(Dataset entries)
(* Let $q$ be a power of $2$, $a\in\mathbb{F}_q$, and $n\ge1$ an integer with $\gcd(n+1,q)=1$. Then $n$ is even, and the code $C_n(a)$ is LCD if and only if $$a\notin\{-1+\theta^i+\theta^{-i} : 1\le i\le n/2\},$$ where $\theta\in\overline{\mathbb{F}}_q$ is a primitive $(n+1)$-th root of unity.
   Context: For $a\in\mathbb{F}_q$ and $n \ge 1$, $T_n(a)$ denotes the $n\times n$ symmetric tridiagonal Toeplitz matrix over $\mathbb{F}_q$ with all diagonal entries equal to $a$, all entries on the first super- and sub-diagonals equal to $1$, and all other entries $0$. $C_n(a)$ is the $[2n,n]$ linear code over $\mathbb{F}_q$ with generator matrix $[I_n \mid T_n(a)]$. A linear code $C$ is LCD (linear complementary dual) if $C\cap C^\perp=\{0\}$, where $C^\perp$ is the dual with respect to the standard Euclidean inner product. *)

From HB Require Import structures.
From mathcomp Require Import all_boot all_order all_algebra all_field.
Set Implicit Arguments.
Unset Strict Implicit.
Unset Printing Implicit Defensive.
Import GRing.Theory.
Local Open Scope ring_scope.

Definition tridiag (F : nzRingType) (n : nat) (a : F) : 'M[F]_n :=
  \matrix_(i < n, j < n)
     if i == j then a
     else if ((i : nat) == j.+1) || ((j : nat) == i.+1) then 1 else 0.

Definition gen_Cn (F : nzRingType) (n : nat) (a : F) : 'M[F]_(n, n + n) :=
  row_mx 1%:M (tridiag n a).

Definition in_code (F : fieldType) (k m : nat) (G : 'M[F]_(k, m)) (x : 'rV[F]_m) : Prop :=
  (x <= G)%MS.

Definition in_dual (F : fieldType) (k m : nat) (G : 'M[F]_(k, m)) (x : 'rV[F]_m) : Prop :=
  forall y : 'rV[F]_m, in_code G y -> x *m y^T = 0.

Definition is_LCD (F : fieldType) (k m : nat) (G : 'M[F]_(k, m)) : Prop :=
  forall x : 'rV[F]_m, in_code G x -> in_dual G x -> x = 0.

From HB Require Import structures.
From mathcomp Require Import all_boot all_order all_algebra all_field.
From mathcomp Require Import ring zify.
Set Implicit Arguments.
Unset Strict Implicit.
Unset Printing Implicit Defensive.
Import GRing.Theory.
Local Open Scope ring_scope.

(* 1. A code with systematic generator G = [I | T] is LCD iff G G^T = I + T T^T
      is invertible (LCD_systematic).
   2. In characteristic 2, T = T_n(a) is symmetric and I + T^2 = (I + T)^2, and
      I + T_n(a) = T_n(1 + a); so C_n(a) is LCD iff T_n(1 + a) is invertible.
   3. T_n(c) is invertible iff U_(n+1)(-c) <> 0, where U is the Lucas sequence
      U_0 = 0, U_1 = 1, U_(k+2) = c U_(k+1) - U_k: a vector in the left kernel
      of T_n(c) is determined by its first entry through this recurrence
      (tridiag_unitmx).
   4. For n = 2k, U_(2k+1) = (U_(k+1) - U_k) (U_(k+1) + U_k), which in
      characteristic 2 is the square of W_k = U_(k+1) + U_k (lucasU_double).
   5. If theta is a primitive (2k+1)-th root of unity, the zeros of W_k are
      exactly the k distinct values theta^i + theta^-i, 1 <= i <= k: they are
      zeros because U_j(x + x^-1) (x - x^-1) = x^j - x^-j, and there are no
      others because W_k is a nonzero polynomial of degree k (lucasW_eq0).
   Finally n is even since n + 1 is coprime to #|F| = 2^m. *)

Lemma nat_ind2 (P : nat -> Prop) :
  P 0%N -> P 1%N -> (forall k, P k -> P k.+1 -> P k.+2) -> forall k, P k.
Proof.
move=> P0 P1 IH k; suff: P k /\ P k.+1 by case.
by elim: k => [|k [Pk PSk]]; split=> //; apply: IH.
Qed.

Fixpoint lucasU (R : nzRingType) (c : R) (k : nat) : R :=
  match k with
  | 0 => 0
  | 1 => 1
  | (k'.+1 as k1).+1 => c * lucasU c k1 - lucasU c k'
  end.

Section Lucas.
Variable R : comNzRingType.
Implicit Types (c x y : R) (k : nat).

Lemma lucasU_SS c k : lucasU c k.+2 = c * lucasU c k.+1 - lucasU c k.
Proof. by []. Qed.

Lemma lucasU_add c m k :
  lucasU c (m + k).+1 = lucasU c m.+1 * lucasU c k.+1 - lucasU c m * lucasU c k.
Proof.
elim/nat_ind2: k => [|| k IHk IHSk]; first by rewrite addn0 /=; ring.
  by rewrite addn1 lucasU_SS /=; ring.
by rewrite addnS lucasU_SS IHSk addnS IHk !lucasU_SS; ring.
Qed.

Lemma lucasU_double c k :
  lucasU c (k + k).+1 = (lucasU c k.+1 - lucasU c k) * (lucasU c k.+1 + lucasU c k).
Proof. by rewrite lucasU_add; ring. Qed.

Lemma lucasU_sum x y k :
  x * y = 1 -> lucasU (x + y) k * (x - y) = x ^+ k - y ^+ k.
Proof.
move=> xy1; elim/nat_ind2: k => [|| k IHk IHSk]; first by rewrite /= mul0r subrr.
  by rewrite /= mul1r !expr1.
rewrite lucasU_SS mulrBl -mulrA IHk IHSk.
transitivity (x ^+ k.+2 - y ^+ k.+2 + (x * y - 1) * (x ^+ k - y ^+ k)).
  by rewrite !exprS; ring.
by rewrite xy1 subrr mul0r addr0.
Qed.

Lemma lucas_recurrence_sol (w : nat -> R) c n :
  w 0%N = 0 -> (forall j, (j < n)%N -> w j.+2 = c * w j.+1 - w j) ->
  forall k, (k <= n.+1)%N -> w k = w 1%N * lucasU c k.
Proof.
move=> w0 wrec; elim/ltn_ind=> -[|[|k]] IH k_le; first by rewrite w0 mulr0.
  by rewrite mulr1.
rewrite wrec // (IH k.+1) // 1?ltnW // (IH k) // 2?ltnW // lucasU_SS; ring.
Qed.

End Lucas.

Lemma lucasU_rmorph (R S : comNzRingType) (g : {rmorphism R -> S}) c k :
  g (lucasU c k) = lucasU (g c) k.
Proof.
elim/nat_ind2: k => [|| k IHk IHSk]; rewrite ?rmorph0 ?rmorph1 //.
by rewrite !lucasU_SS rmorphB rmorphM IHk IHSk.
Qed.

(* W_k = U_(k+1) + U_k, so that U_(2k+1) = W_k^2 in characteristic 2. *)
Definition lucasW (R : nzRingType) (c : R) (k : nat) : R :=
  lucasU c k.+1 + lucasU c k.

Section LucasPoly.
Variable R : comNzRingType.
Implicit Types k : nat.

Lemma horner_lucasU (p : {poly R}) x k : (lucasU p k).[x] = lucasU p.[x] k.
Proof. exact: (lucasU_rmorph (horner_eval x)). Qed.

Lemma size_lucasU_X k : (size (lucasU ('X : {poly R}) k) <= k)%N.
Proof.
elim/nat_ind2: k => [|| k IHk IHSk]; rewrite ?size_poly0 ?size_poly1 //.
rewrite lucasU_SS (leq_trans (size_polyD _ _)) // size_polyN geq_max.
apply/andP; split; last by rewrite (leq_trans IHk) // ltnW.
by rewrite (leq_trans (size_polyMleq _ _)) // size_polyX.
Qed.

Lemma coef_lucasU_X k : (lucasU ('X : {poly R}) k.+1)`_k = 1.
Proof.
elim: k => [|k IHk]; first by rewrite coef1.
rewrite lucasU_SS coefB coefXM /= IHk nth_default ?subr0 //.
exact: leq_trans (size_lucasU_X k) _.
Qed.

Lemma size_lucasW_X k : (size (lucasW ('X : {poly R}) k) <= k.+1)%N.
Proof.
rewrite (leq_trans (size_polyD _ _)) // geq_max size_lucasU_X.
exact: leq_trans (size_lucasU_X k) _.
Qed.

Lemma lucasW_X_neq0 k : lucasW ('X : {poly R}) k != 0.
Proof.
apply/eqP => /(congr1 (fun p : {poly R} => p`_k)).
rewrite coefD coef_lucasU_X nth_default ?size_lucasU_X // coef0 addr0.
by move/eqP; rewrite oner_eq0.
Qed.

End LucasPoly.

Definition cos_root (L : fieldType) (theta : L) (i : nat) : L :=
  theta ^+ i + theta ^- i.

Section CosRoots.
Variables (L : fieldType) (k : nat) (theta : L).
Hypothesis prim : (k + k).+1.-primitive_root theta.

Lemma theta_expr_neq1 j : (0 < j <= k + k)%N -> theta ^+ j != 1.
Proof.
case/andP=> j_gt0 j_le; rewrite -(prim_order_dvd prim).
by rewrite gtnNdvd // ltnS.
Qed.

Lemma theta_neq0 : theta != 0.
Proof.
apply/eqP=> theta0; have := prim_expr_order prim.
by rewrite theta0 expr0n => /eqP; rewrite eq_sym oner_eq0.
Qed.

Lemma cos_root_lucasW i : (1 <= i <= k)%N -> lucasW (cos_root theta i) k = 0.
Proof.
case/andP=> i_gt0 i_le.
set x := theta ^+ i; have x_neq0 : x != 0 by rewrite expf_neq0 ?theta_neq0.
have xV : x * x^-1 = 1 by rewrite mulfV.
have x_order : x ^+ k * x ^+ k.+1 = 1.
  by rewrite -exprD addnS -exprM mulnC exprM (prim_expr_order prim) expr1n.
have x_sub_neq0 : x - x^-1 != 0.
  rewrite subr_eq0; apply: contra (theta_expr_neq1 (j := i + i) _) => [/eqP xxV|].
    by rewrite exprD -/x {2}xxV xV.
  by rewrite addn_gt0 i_gt0 leq_add.
apply/eqP; rewrite -(mulIr_eq0 _ (mulIf x_sub_neq0)) mulrDl.
rewrite /cos_root -/x !(lucasU_sum _ xV) !exprVn.
rewrite (mulr1_eq x_order) (mulr1_eq (etrans (mulrC _ _) x_order)).
by rewrite addrC subrKA subrr.
Qed.

Lemma cos_root_inj i j : (1 <= i <= k)%N -> (1 <= j <= k)%N ->
  cos_root theta i = cos_root theta j -> i = j.
Proof.
case/andP=> i_gt0 i_le; case/andP=> j_gt0 j_le eq_ij.
set x := theta ^+ i; set y := theta ^+ j.
have [x_neq0 y_neq0] : x != 0 /\ y != 0 by rewrite !expf_neq0 ?theta_neq0.
have : (x - y) * (x * y - 1) = 0.
  transitivity (x * y * (cos_root theta i - cos_root theta j)).
    by rewrite /cos_root -/x -/y; field; apply/andP.
  by rewrite eq_ij subrr mulr0.
move/eqP; rewrite mulf_eq0 !subr_eq0 => /orP[].
  rewrite (eq_prim_root_expr prim) !modn_small ?ltnS ?(leq_trans _ (leq_addl k k)) //.
  exact/eqP.
rewrite -exprD (negbTE (theta_expr_neq1 _)) //.
by rewrite addn_gt0 i_gt0 leq_add.
Qed.

(* Since W_k has degree at most k, these are all its zeros. *)
Lemma lucasW_eq0 c :
  lucasW c k = 0 <-> exists i, [/\ (1 <= i)%N, (i <= k)%N & c = cos_root theta i].
Proof.
split=> [Wc0 | [i [i_gt0 i_le ->]]]; last by apply: cos_root_lucasW; rewrite i_gt0.
pose roots := map (cos_root theta) (iota 1 k).
have [/mapP[i] | c_notin] := boolP (c \in roots).
  by rewrite mem_iota add1n ltnS => /andP[i_gt0 i_le] ->; exists i.
pose W := lucasW ('X : {poly L}) k.
have W_eval d : W.[d] = lucasW d k.
  by rewrite hornerD !horner_lucasU hornerX.
have roots_uniq : uniq roots.
  rewrite map_inj_in_uniq ?iota_uniq // => i j.
  by rewrite !mem_iota !add1n !ltnS; apply: cos_root_inj.
have roots_W : all (root W) roots.
  apply/allP=> r /mapP[i]; rewrite mem_iota add1n ltnS => i_range ->.
  by rewrite /root W_eval cos_root_lucasW.
have := max_poly_roots (rs := c :: roots) (lucasW_X_neq0 L k).
rewrite /= /root W_eval Wc0 eqxx roots_W c_notin roots_uniq size_map size_iota.
by rewrite ltnNge size_lucasW_X => /(_ isT isT).
Qed.

End CosRoots.

Lemma unitmx_kernel (F : fieldType) (n : nat) (A : 'M[F]_n) :
  A \in unitmx <-> (forall u : 'rV[F]_n, u *m A = 0 -> u = 0).
Proof.
rewrite -row_free_unit; split=> [freeA u /eqP | /inj_row_free //].
by rewrite mulmx_free_eq0 // => /eqP.
Qed.

Section Tridiagonal.
Variables (F : fieldType) (n : nat).
Implicit Types (c : F) (u : 'rV[F]_n) (k : nat).

(* padded u k = u_(k-1), with u padded by zeros on both sides: the
   coordinates of u *m T_n(c) are c w_(j+1) + w_(j+2) + w_j for w = padded u. *)
Definition padded u k : F := \sum_(i < n | i.+1 == k) u 0 i.

Lemma padded0 k : padded 0 k = 0.
Proof. by rewrite /padded big1 // => i _; rewrite mxE. Qed.

Lemma padded_0 u : padded u 0 = 0.
Proof. by rewrite /padded big_pred0. Qed.

Lemma padded_S u (i : 'I_n) : padded u i.+1 = u 0 i.
Proof. by rewrite /padded (big_pred1 i) // => j; rewrite /= eqSS. Qed.

Lemma padded_gt u k : (n < k)%N -> padded u k = 0.
Proof.
move=> n_lt_k; rewrite /padded big_pred0 // => i.
by rewrite ltn_eqF // (leq_ltn_trans (ltn_ord i)).
Qed.

Lemma tridiagE c (i j : 'I_n) :
  tridiag n c i j = c * (i == j)%:R + (i == j.+1 :> nat)%:R + (i.+1 == j :> nat)%:R.
Proof.
rewrite mxE; have [->|_] := eqVneq i j.
  by rewrite (gtn_eqF (ltnSn j)) (ltn_eqF (ltnSn j)) mulr1 !addr0.
rewrite mulr0 add0r [(j : nat) == _]eq_sym.
have [-> | _] := eqVneq (i : nat) j.+1; last by rewrite add0r; case: (_ == _).
by rewrite (gtn_eqF (ltnW (ltnSn j.+1))) addr0.
Qed.

Lemma mul_tridiag c u (j : 'I_n) :
  (u *m tridiag n c) 0 j = c * padded u j.+1 + padded u j.+2 + padded u j.
Proof.
rewrite mxE; under eq_bigr => i _ do rewrite tridiagE !mulrDr mulrCA.
rewrite !big_split -mulr_sumr /padded !(big_mkcond (fun i : 'I_n => _ == _)) /=.
by congr (c * _ + _ + _); apply: eq_bigr => i _; rewrite mulr_natr mulrb.
Qed.

(* T_n(c) is invertible iff U_(n+1)(-c) <> 0: a kernel vector u satisfies
   u_(j-1) = u_0 U_j(-c) for j <= n + 1 (with u_n = 0), so it is zero unless
   U_(n+1)(-c) = 0, in which case (U_1(-c), ..., U_n(-c)) is in the kernel. *)
Lemma tridiag_unitmx c : tridiag n c \in unitmx <-> lucasU (- c) n.+1 != 0.
Proof.
rewrite unitmx_kernel; split=> [ker0 | U_neq0 u uT0].
  apply/eqP=> U0; pose u := \row_(i < n) lucasU (- c) i.+1.
  have u_padded k : (k <= n.+1)%N -> padded u k = lucasU (- c) k.
    case: k => [_ | k]; first exact: padded_0.
    rewrite ltnS leq_eqVlt => /orP[/eqP -> | k_lt]; first by rewrite padded_gt.
    by rewrite (padded_S u (Ordinal k_lt)) mxE.
  have uT0 : u *m tridiag n c = 0.
    apply/rowP=> j; have j_lt := ltn_ord j.
    by rewrite mul_tridiag mxE !u_padded ?lucasU_SS; [ring | lia..].
  move: (u_padded 1%N isT); rewrite (ker0 _ uT0) padded0 => /esym/eqP.
  by rewrite oner_eq0.
have rec j : (j < n)%N -> padded u j.+2 = - c * padded u j.+1 - padded u j.
  move=> j_lt; have := congr1 (fun v : 'rV_n => v 0 (Ordinal j_lt)) uT0.
  by rewrite mul_tridiag mxE /= => uT0_j; rewrite -[LHS]subr0 -uT0_j; ring.
have u_sol := lucas_recurrence_sol (padded_0 u) rec.
have u1_0 : padded u 1 = 0.
  apply/eqP; have := u_sol n.+1 (leqnn _); rewrite padded_gt // => /esym/eqP.
  by rewrite mulf_eq0 (negbTE U_neq0) orbF.
by apply/rowP=> i; rewrite mxE -padded_S u_sol ?u1_0 ?mul0r // ltnS ltnW.
Qed.

End Tridiagonal.

Section SystematicLCD.
Variable F : fieldType.

Lemma in_dualP (k m : nat) (G : 'M[F]_(k, m)) (x : 'rV_m) : in_dual G x <-> x *m G^T = 0.
Proof.
split=> [x_dual | xGT0 y /submxP[v ->]]; last by rewrite trmx_mul mulmxA xGT0 mul0mx.
apply/rowP=> j; move/(congr1 (fun M : 'M_1 => M 0 0)): (x_dual _ (row_sub j G)).
rewrite !mxE => xGj0; rewrite -[RHS]xGj0.
by apply: eq_bigr => i _; rewrite !mxE.
Qed.

Lemma LCD_systematic (k m : nat) (T : 'M[F]_(k, m)) :
  is_LCD (row_mx 1%:M T) <-> (1%:M + T *m T^T) \in unitmx.
Proof.
have GGT : row_mx 1%:M T *m (row_mx 1%:M T)^T = 1%:M + T *m T^T.
  by rewrite tr_row_mx mul_row_col trmx1 mulmx1.
rewrite unitmx_kernel -GGT; split=> [LCD u uGGT0 | ker0 x /submxP[u ->] /in_dualP].
  have /eqP : u *m row_mx 1%:M T = 0.
    by apply: LCD; [apply/submxP; exists u | apply/in_dualP; rewrite -mulmxA].
  by rewrite mul_mx_row mulmx1 row_mx_eq0 => /andP[/eqP].
by rewrite -mulmxA => /ker0 ->; rewrite mul0mx.
Qed.

End SystematicLCD.

Lemma mx_pchar2_sqr (R : comNzRingType) (n : nat) (A : 'M[R]_n) :
  2 \in [pchar R] -> 1%:M + A *m A = (1%:M + A) *m (1%:M + A).
Proof.
move=> charR; have AA0 : A + A = 0 by apply/matrixP=> i j; rewrite !mxE addrr_pchar2.
by rewrite mulmxDl !mulmxDr !mul1mx mulmx1 addrA -(addrA 1%:M) AA0 addr0.
Qed.

Lemma tridiag_tr (R : nzRingType) (n : nat) (a : R) : (tridiag n a)^T = tridiag n a.
Proof. by apply/matrixP=> i j; rewrite !mxE eq_sym orbC. Qed.

Lemma scalar_add_tridiag (R : nzRingType) (n : nat) (c a : R) :
  c%:M + tridiag n a = tridiag n (c + a).
Proof. by apply/matrixP=> i j; rewrite !mxE; case: eqP; rewrite ?add0r. Qed.

Theorem theorem2p3 (F : finFieldType) (m : nat) (a : F) (n : nat)
    (L : fieldType) (f : {rmorphism F -> L}) (theta : L) :
  #|F| = (2 ^ m)%N ->
  (1 <= n)%N ->
  coprime n.+1 #|F| ->
  (n.+1).-primitive_root theta ->
  ~~ odd n /\
  (is_LCD (gen_Cn n a) <->
   ~ (exists i : nat, [/\ (1 <= i)%N, (i <= n %/ 2)%N &
        f a = -1 + theta ^+ i + theta ^- i])).
Proof.
move=> cardF _ coprime_n prim.
have charF : 2 \in [pchar F] := card_finPcharP cardF (isT : prime 2).
have charL : 2 \in [pchar L] := rmorph_pchar f charF.
have m_gt0 : (0 < m)%N by move: (card_finNzRing_gt1 F); rewrite cardF; case: (m).
have n_even : ~~ odd n by move: coprime_n; rewrite cardF coprime_pexpr // coprimen2.
split=> //.
have [k n_kk] : exists k, n = (k + k)%N.
  by exists n./2; rewrite addnn -[LHS]odd_double_half (negbTE n_even).
have -> : (n %/ 2)%N = k by rewrite n_kk addnn -muln2 mulnK.
subst n.
(* C_(2k)(a) is LCD iff U_(2k+1)(1 + a) <> 0 iff W_k(1 + f a) <> 0. *)
rewrite /gen_Cn LCD_systematic tridiag_tr mx_pchar2_sqr // unitmx_mul andbb.
rewrite scalar_add_tridiag tridiag_unitmx oppr_pchar2 // -(fmorph_eq0 f).
rewrite lucasU_rmorph lucasU_double oppr_pchar2 // mulf_eq0 orbb -/(lucasW _ k).
rewrite rmorphD rmorph1 -(rwP negP) -(rwP eqP) (lucasW_eq0 prim).
have shift i : 1 + f a = cos_root theta i <-> f a = -1 + theta ^+ i + theta ^- i.
  by rewrite /cos_root -addrA; split=> [<- | ->]; rewrite ?addKr ?addNKr.
apply: not_iff_compat; split=> -[i [i_gt0 i_le /shift fa]]; exists i; split=> //.
Qed.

The problem. Find each line above that contains "which", and copy those lines.

Solution to the exercise.
   4. For n = 2k, U_(2k+1) = (U_(k+1) - U_k) (U_(k+1) + U_k), which in
   U_(n+1)(-c) = 0, in which case (U_1(-c), ..., U_n(-c)) is in the kernel. *)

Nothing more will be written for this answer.